# Quick, Easy, Inexpensive, and Elegant ...



## Jeannne (Jan 25, 2013)

...if you have some scraps of lace or fancy fabric, a bit of left-over trim, and a straight-sided vase or jar, (can be adapted to a jar that curves at the top with just a bit more fussing).

Cut the lace to fit around the jar with a seam from top to bottom . Pin along the seam. With needle and thread, take overcast stitches along the seam, making sure that the lace will be snug against the vase. If you want the container to be permanent, brush on Modge Podge or a solution of diluted white glue. (I didn't do this because I need the vases in the summer.) Glue or sew on trimming around the top, and maybe around the bottom. Possibilities are endless for how much "fancy" you like.

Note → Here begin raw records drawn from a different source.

Definition subprod_matrix {G : Locale} {X X' : Type} {P : X -> X' -> Prop}
    (mu : X -> X -> G) (mu' : X' -> X' -> G) (p q : subprod P) : G :=
  L_meet (mu (fst (proj1_sig p)) (fst (proj1_sig q))) (mu' (snd (proj1_sig p)) (snd (proj1_sig q))).

Lemma subprod_eq {X X' : Type} {P : X -> X' -> Prop} (p q : subprod P) :
  fst (proj1_sig p) = fst (proj1_sig q) -> snd (proj1_sig p) = snd (proj1_sig q) -> p = q.
Proof.
  destruct p as [[a b] Hp], q as [[c d] Hq]; simpl; intros -> ->.
  f_equal; apply proof_irrelevance.
Qed.

Section SubProduct.
Context {G : Locale} {w : G -> G -> G -> Prop} {e : G -> Prop} {iota : G -> G}.
Hypothesis HG : IsLocalicGroup G w e iota.
Context {X X' : Type} {mu : X -> X -> G} {mu' : X' -> X' -> G}.
Hypotheses (Hmu : is_action G w e iota X mu) (Hmu' : is_action G w e iota X' mu').
Context {P : X -> X' -> Prop}.
Hypothesis HP : rel_invariant mu mu' P.

Lemma rel_invariant_sym (x z : X) (x' z' : X') :
  P z z' -> ~ P x x' -> L_meet (mu x z) (mu' x' z') = L_bot G.
Proof.
  intros Hz Hx.
  rewrite <- (action_iota Hmu z x), <- (action_iota Hmu' z' x'),
    <- (iota_meet _ _ _ _ HG), (HP z z' x x' Hz Hx).
  exact (iota_bot HG).
Qed.

Lemma subprod_lbij : is_lbij G (subprod P) (subprod_matrix mu mu').
Proof.
  split; [|split; [|split]].
  - intros [[x x'] Hp]; apply L_le_antisym; [apply L_top_greatest |].
    apply (le_of_action_row Hmu x); intros z.
    apply (le_of_action_row Hmu' x'); intros z'.
    destruct (classic (P z z')) as [Hz | Hz].
    + eapply le_sup; [exists (exist _ (z, z') Hz); reflexivity |].
      apply meet_mono; [apply meet_r | apply L_le_refl].
    + apply (disjoint_meet_le (HP x x' z z' Hp Hz)); [apply meet_r | apply L_le_refl].
  - intros p q1 q2 Hne; apply le_bot_eq.
    destruct (classic (fst (proj1_sig q1) = fst (proj1_sig q2))) as [E1 | E1].
    + destruct (classic (snd (proj1_sig q1) = snd (proj1_sig q2))) as [E2 | E2].
      * exfalso; apply Hne, subprod_eq; assumption.
      * apply (disjoint_meet_le (action_row_disjoint Hmu' (snd (proj1_sig p)) _ _ E2)); apply meet_r.
    + apply (disjoint_meet_le (action_row_disjoint Hmu (fst (proj1_sig p)) _ _ E1)); apply meet_l.
  - intros [[x x'] Hp]; apply L_le_antisym; [apply L_top_greatest |].
    apply (le_of_action_col Hmu x); intros z.
    apply (le_of_action_col Hmu' x'); intros z'.
    destruct (classic (P z z')) as [Hz | Hz].
    + eapply le_sup; [exists (exist _ (z, z') Hz); reflexivity |].
      apply meet_mono; [apply meet_r | apply L_le_refl].
    + apply (disjoint_meet_le (rel_invariant_sym z x z' x' Hp Hz));
        [apply meet_r | apply L_le_refl].
  - intros q1 q2 p Hne; apply le_bot_eq.
    destruct (classic (fst (proj1_sig q1) = fst (proj1_sig q2))) as [E1 | E1].
    + destruct (classic (snd (proj1_sig q1) = snd (proj1_sig q2))) as [E2 | E2].
      * exfalso; apply Hne, subprod_eq; assumption.
      * apply (disjoint_meet_le (action_col_disjoint Hmu' _ _ (snd (proj1_sig p)) E2)); apply meet_r.
    + apply (disjoint_meet_le (action_col_disjoint Hmu _ _ (fst (proj1_sig p)) E1)); apply meet_l.
Qed.

Lemma subprod_w (p q : subprod P) :
  teq2 (w (subprod_matrix mu mu' p q))
       (cl2 G (fun a b => exists r,
                  a = subprod_matrix mu mu' p r /\ b = subprod_matrix mu mu' r q)).
Proof.
  destruct p as [[x x'] Hp], q as [[y y'] Hq]; unfold subprod_matrix; simpl.
  intros a b; split.
  - intros Hab; apply (w_meet _ _ _ _ HG) in Hab; destruct Hab as [Ha Hb].
    apply (proj1 (proj2 Hmu)) in Ha; apply (proj1 (proj2 Hmu')) in Hb.
    generalize (cl2_meet _ _ _ _ Ha Hb); apply cl2_min; [apply cl2_ideal |].
    intros c d [p1 [p2 [q1 [q2 [[z [-> ->]] [[z' [-> ->]] [-> ->]]]]]]].
    destruct (classic (P z z')) as [Hz | Hz].
    + apply cl2_incl; exists (exist _ (z, z') Hz); simpl; auto.
    + rewrite (HP x x' z z' Hp Hz); apply tideal2_bot_l, cl2_ideal.
  - intros Hab; apply (w_meet _ _ _ _ HG); split;
      [apply (proj1 (proj2 Hmu)) | apply (proj1 (proj2 Hmu'))];
      revert a b Hab; apply cl2_min; try apply cl2_ideal;
      intros a b [[[z z'] Hz] [-> ->]]; simpl.
    + apply (proj1 (cl2_ideal _) (mu x z) (mu z y));
        [apply cl2_incl; exists z | apply meet_l | apply meet_l]; auto.
    + apply (proj1 (cl2_ideal _) (mu' x' z') (mu' z' y'));
        [apply cl2_incl; exists z' | apply meet_r | apply meet_r]; auto.
Qed.

Lemma subprod_action : is_action G w e iota (subprod P) (subprod_matrix mu mu').
Proof.
  split; [apply subprod_lbij | split; [apply subprod_w | split]].
  - intros p q; unfold subprod_matrix.
    rewrite (e_meet _ _ _ _ HG), (proj1 (proj2 (proj2 Hmu))), (proj1 (proj2 (proj2 Hmu'))).
    split; [intros [E1 E2]; apply subprod_eq; assumption | intros ->; auto].
  - intros p q; unfold subprod_matrix.
    rewrite (iota_meet _ _ _ _ HG), (action_iota Hmu), (action_iota Hmu'); reflexivity.
Qed.

End SubProduct.

Section Relations.
Context {G : Locale} {w : G -> G -> G -> Prop} {e : G -> Prop} {iota : G -> G}.
Hypothesis HG : IsLocalicGroup G w e iota.
Context {X X' : Type} {mu : X -> X -> G} {mu' : X' -> X' -> G}.
Hypotheses (Hmu : is_action G w e iota X mu) (Hmu' : is_action G w e iota X' mu').

Lemma comod_morph_invariant (R : X -> X' -> Prop) :
  is_comod_morph G X X' mu mu' R -> rel_invariant mu mu' R.
Proof.
  intros Hcm x x' z z' Hx Hz; apply le_bot_eq.
  eapply L_le_trans.
  { apply meet_mono; [apply L_le_refl |].
    apply (L_sup_ub G (fun g => exists x'', R x x'' /\ g = mu' x'' z')); eauto. }
  rewrite (Hcm x z'); apply meet_sup_le_r; intros _ [y [Hy ->]].
  rewrite (action_row_disjoint Hmu x z y); [apply L_le_refl | intros ->; contradiction].
Qed.

Lemma invariant_comod_morph (R : X -> X' -> Prop) :
  rel_invariant mu mu' R -> is_comod_morph G X X' mu mu' R.
Proof.
  intros HR x y'; apply L_le_antisym; apply L_sup_least.
  - intros _ [x' [Hx ->]]; apply (le_of_action_row Hmu x); intros y.
    destruct (classic (R y y')) as [Hy | Hy].
    + eapply le_sup; [exists y; split; [exact Hy | reflexivity] | apply meet_r].
    + rewrite meet_comm, (HR x x' y y' Hx Hy); apply bot_le.
  - intros _ [y [Hy ->]]; apply (le_of_action_col Hmu' y'); intros x'.
    destruct (classic (R x x')) as [Hx | Hx].
    + eapply le_sup; [exists x'; split; [exact Hx | reflexivity] | apply meet_r].
    + rewrite (rel_invariant_sym HG Hmu Hmu' HR x y x' y' Hy Hx); apply bot_le.
Qed.

Lemma subprod_rel_span (P : X -> X' -> Prop) :
  rel_invariant mu mu' P ->
  is_beta_rel_span G w e iota X X' mu mu' (subprod P) (subprod_matrix mu mu')
    (fun p => fst (proj1_sig p)) (fun p => snd (proj1_sig p)).
Proof.
  intros HP; split; [apply subprod_action; assumption | split; [| split]].
  - intros p q; apply meet_l.
  - intros p q; apply meet_r.
  - intros T tau h k _ _ _ Hhk t; destruct (Hhk t); apply subprod_eq; assumption.
Qed.

Lemma span_image_subprod (P : X -> X' -> Prop) (x : X) (x' : X') :
  span_image (fun p : subprod P => fst (proj1_sig p)) (fun p => snd (proj1_sig p)) x x' <-> P x x'.
Proof.
  split.
  - intros [[[a b] H] [E1 E2]]; simpl in *; subst; assumption.
  - intros H; exists (exist _ (x, x') H); auto.
Qed.

Section Span.
Context {S : Type} {sigma : S -> S -> G} {f : S -> X} {g : S -> X'}.
Hypothesis Hspan : is_beta_rel_span G w e iota X X' mu mu' S sigma f g.

Let Hsigma : is_action G w e iota S sigma := proj1 Hspan.
Let Hf : is_beta_morph G S X sigma mu f := proj1 (proj2 Hspan).
Let Hg : is_beta_morph G S X' sigma mu' g := proj1 (proj2 (proj2 Hspan)).

Lemma span_image_invariant : rel_invariant mu mu' (span_image f g).
Proof.
  intros x x' z z' [s [<- <-]] Hz; apply le_bot_eq.
  apply (le_of_action_row Hsigma s); intros t.
  destruct (classic (f t = z)) as [<- | Hne].
  - destruct (classic (g t = z')) as [<- | Hne'].
    + exfalso; apply Hz; exists t; auto.
    + apply (disjoint_meet_le (action_row_disjoint Hmu' (g s) z' (g t) (not_eq_sym Hne')));
        [apply meet_r | apply Hg].
  - apply (disjoint_meet_le (action_row_disjoint Hmu (f s) z (f t) (not_eq_sym Hne)));
      [apply meet_l | apply Hf].
Qed.

(* Joint monicity, tested on the kernel pair of (f, g), which is itself a G-set. *)
Lemma span_injective (s1 s2 : S) : f s1 = f s2 -> g s1 = g s2 -> s1 = s2.
Proof.
  set (K := fun s t => f s = f t /\ g s = g t).
  assert (HK : rel_invariant sigma sigma K).
  { intros x x' z z' [E1 E2] Hz; apply le_bot_eq.
    destruct (classic (f z = f z')) as [F | F].
    - destruct (classic (g z = g z')) as [F' | F']; [exfalso; apply Hz; split; assumption |].
      apply (disjoint_meet_le (action_row_disjoint Hmu' (g x) _ _ F')); [apply Hg |].
      rewrite E2; apply Hg.
    - apply (disjoint_meet_le (action_row_disjoint Hmu (f x) _ _ F)); [apply Hf |].
      rewrite E1; apply Hf. }
  intros E1 E2.
  apply (proj2 (proj2 (proj2 Hspan)) (subprod K) (subprod_matrix sigma sigma)
           (fun p => fst (proj1_sig p)) (fun p => snd (proj1_sig p))
           (subprod_action HG Hsigma Hsigma HK)
           (fun p q => meet_l _ _) (fun p q => meet_r _ _)
           (fun p => proj2_sig p) (exist _ (s1, s2) (conj E1 E2))).
Qed.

Fill with whatever - greens, shiny balls, foil-wrapped candy, battery-operated tea light. Make several in different sizes and fabrics to group for a lovely table centerpiece.


----------



## Farmwoman (Jul 2, 2014)

Jeanne-What a clever idea! They look beautiful! Thanks for sharing! MERRY CHRISTMAS! : )


----------



## Damama (Oct 2, 2011)

Very pretty idea. Thank you


----------



## Tapraol (Mar 15, 2013)

Very Nice!


----------



## run4fittness (May 22, 2011)

Very pretty!


----------



## crafterwantabe (Feb 26, 2013)

Very nice!!!


----------



## 44gram (Dec 10, 2011)

What a clever idea!! They are lovely. Thanks for sharing


----------



## tweeter (Dec 22, 2012)

very clever idea. They are very pretty


----------



## Nancyn (Mar 23, 2013)

Great idea! What a lovely housewarming gift or Christmas centerpiece.


----------



## AussieSheila (Oct 20, 2013)

Elegant


----------



## Moondancermel (Nov 18, 2012)

Lovely. Will have to keep this idea in mind. Thanks.


----------



## Terri2 (Jul 8, 2014)

I am going to have to make these! Thank you for such a great idea. The dollar store has these lace doilys that I think would work great for these!


----------



## subtlewitch (Sep 30, 2012)

Thank you! Takes my recycling efforts to a whole new level.


----------



## NCAknitter (Sep 28, 2013)




----------



## supreetb (Jun 8, 2014)

Very pretty !


----------



## SouthernGirl (Dec 28, 2011)

They are very elegant.


----------